Lemma nonneg_quadratic_no_linear_term (b c : R) :
  (forall t, b * t + c * t * t >= 0) -> b = 0.
Proof.
 intro H. destruct (Req_dec b 0) as [|Hb]; auto. exfalso.
 set (k := 2 * (Rabs c + 1)).
 assert (Hk : k > 0) by (unfold k; pose proof (Rabs_pos c); lra).
 specialize (H (- b / k)).
 replace (b * (- b / k) + c * (- b / k) * (- b / k)) with ((b * b) / (k * k) * (c - k)) in H
   by (field; lra).
 assert (0 < b * b / (k * k)).
 { unfold Rdiv. apply Rmult_lt_0_compat; [nra | apply Rinv_0_lt_compat; nra]. }
 assert (c - k < 0) by (unfold k; pose proof (Rle_abs c); pose proof (Rabs_pos c); lra).
 nra.
Qed.

Lemma CD_equality_first_variation (x : V) (K : R) (f g : V -> R) :
  (forall h, Gamma2 nbr h h x >= K * Gamma nbr h h x) ->
  Gamma2 nbr f f x = K * Gamma nbr f f x ->
  Gamma2 nbr f g x = K * Gamma nbr f g x.
Proof.
 intros HCD Heq.
 assert (Hlin : 2 * (Gamma2 nbr f g x - K * Gamma nbr f g x) = 0).
 { apply nonneg_quadratic_no_linear_term
     with (c := Gamma2 nbr g g x - K * Gamma nbr g g x).
   intro t. specialize (HCD (fun z => f z + t * g z)).
   rewrite Gamma2_quadratic, Gamma_bilinear, (Gamma_sym _ g f) in HCD.
   nra. }
 lra.
Qed.
End CurvatureBound.

Section SharpVertex.
Context {V : Type} (nbr : V -> list V) (D : nat).
Hypothesis Hsimple : simple_graph nbr.
Hypothesis Hregular : regular nbr D.

Lemma nbr_nodup (v : V) : NoDup (nbr v). Proof. apply Hsimple. Qed.
Lemma nbr_irrefl (v : V) : ~ In v (nbr v). Proof. apply Hsimple. Qed.
Lemma nbr_sym (v w : V) : In w (nbr v) -> In v (nbr w). Proof. apply Hsimple. Qed.
Lemma nbr_length (v : V) : INR (length (nbr v)) = INR D. Proof. rewrite Hregular; auto. Qed.

Lemma nbr_neq (x y : V) : In y (nbr x) -> y <> x.
Proof. intros H ->. exact (nbr_irrefl _ H). Qed.

Definition capped_dist (x v : V) : R :=
  if excluded_middle_informative (v = x) then 0
  else if excluded_middle_informative (In v (nbr x)) then 1 else 2.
◆ ◆ ◆ ◆ ◆
**ACTIVITY:** Each record is to be retyped exactly as it appears.

**ANSWER SPACE:**
Lemma nonneg_quadratic_no_linear_term (b c : R) :
  (forall t, b * t + c * t * t >= 0) -> b = 0.
Proof.
 intro H. destruct (Req_dec b 0) as [|Hb]; auto. exfalso.
 set (k := 2 * (Rabs c + 1)).
 assert (Hk : k > 0) by (unfold k; pose proof (Rabs_pos c); lra).
 specialize (H (- b / k)).
 replace (b * (- b / k) + c * (- b / k) * (- b / k)) with ((b * b) / (k * k) * (c - k)) in H
   by (field; lra).
 assert (0 < b * b / (k * k)).
 { unfold Rdiv. apply Rmult_lt_0_compat; [nra | apply Rinv_0_lt_compat; nra]. }
 assert (c - k < 0) by (unfold k; pose proof (Rle_abs c); pose proof (Rabs_pos c); lra).
 nra.
Qed.

Lemma CD_equality_first_variation (x : V) (K : R) (f g : V -> R) :
  (forall h, Gamma2 nbr h h x >= K * Gamma nbr h h x) ->
  Gamma2 nbr f f x = K * Gamma nbr f f x ->
  Gamma2 nbr f g x = K * Gamma nbr f g x.
Proof.
 intros HCD Heq.
 assert (Hlin : 2 * (Gamma2 nbr f g x - K * Gamma nbr f g x) = 0).
 { apply nonneg_quadratic_no_linear_term
     with (c := Gamma2 nbr g g x - K * Gamma nbr g g x).
   intro t. specialize (HCD (fun z => f z + t * g z)).
   rewrite Gamma2_quadratic, Gamma_bilinear, (Gamma_sym _ g f) in HCD.
   nra. }
 lra.
Qed.
End CurvatureBound.

Section SharpVertex.
Context {V : Type} (nbr : V -> list V) (D : nat).
Hypothesis Hsimple : simple_graph nbr.
Hypothesis Hregular : regular nbr D.

Lemma nbr_nodup (v : V) : NoDup (nbr v). Proof. apply Hsimple. Qed.
Lemma nbr_irrefl (v : V) : ~ In v (nbr v). Proof. apply Hsimple. Qed.
Lemma nbr_sym (v w : V) : In w (nbr v) -> In v (nbr w). Proof. apply Hsimple. Qed.
Lemma nbr_length (v : V) : INR (length (nbr v)) = INR D. Proof. rewrite Hregular; auto. Qed.

Lemma nbr_neq (x y : V) : In y (nbr x) -> y <> x.
Proof. intros H ->. exact (nbr_irrefl _ H). Qed.

Definition capped_dist (x v : V) : R :=
  if excluded_middle_informative (v = x) then 0
  else if excluded_middle_informative (In v (nbr x)) then 1 else 2.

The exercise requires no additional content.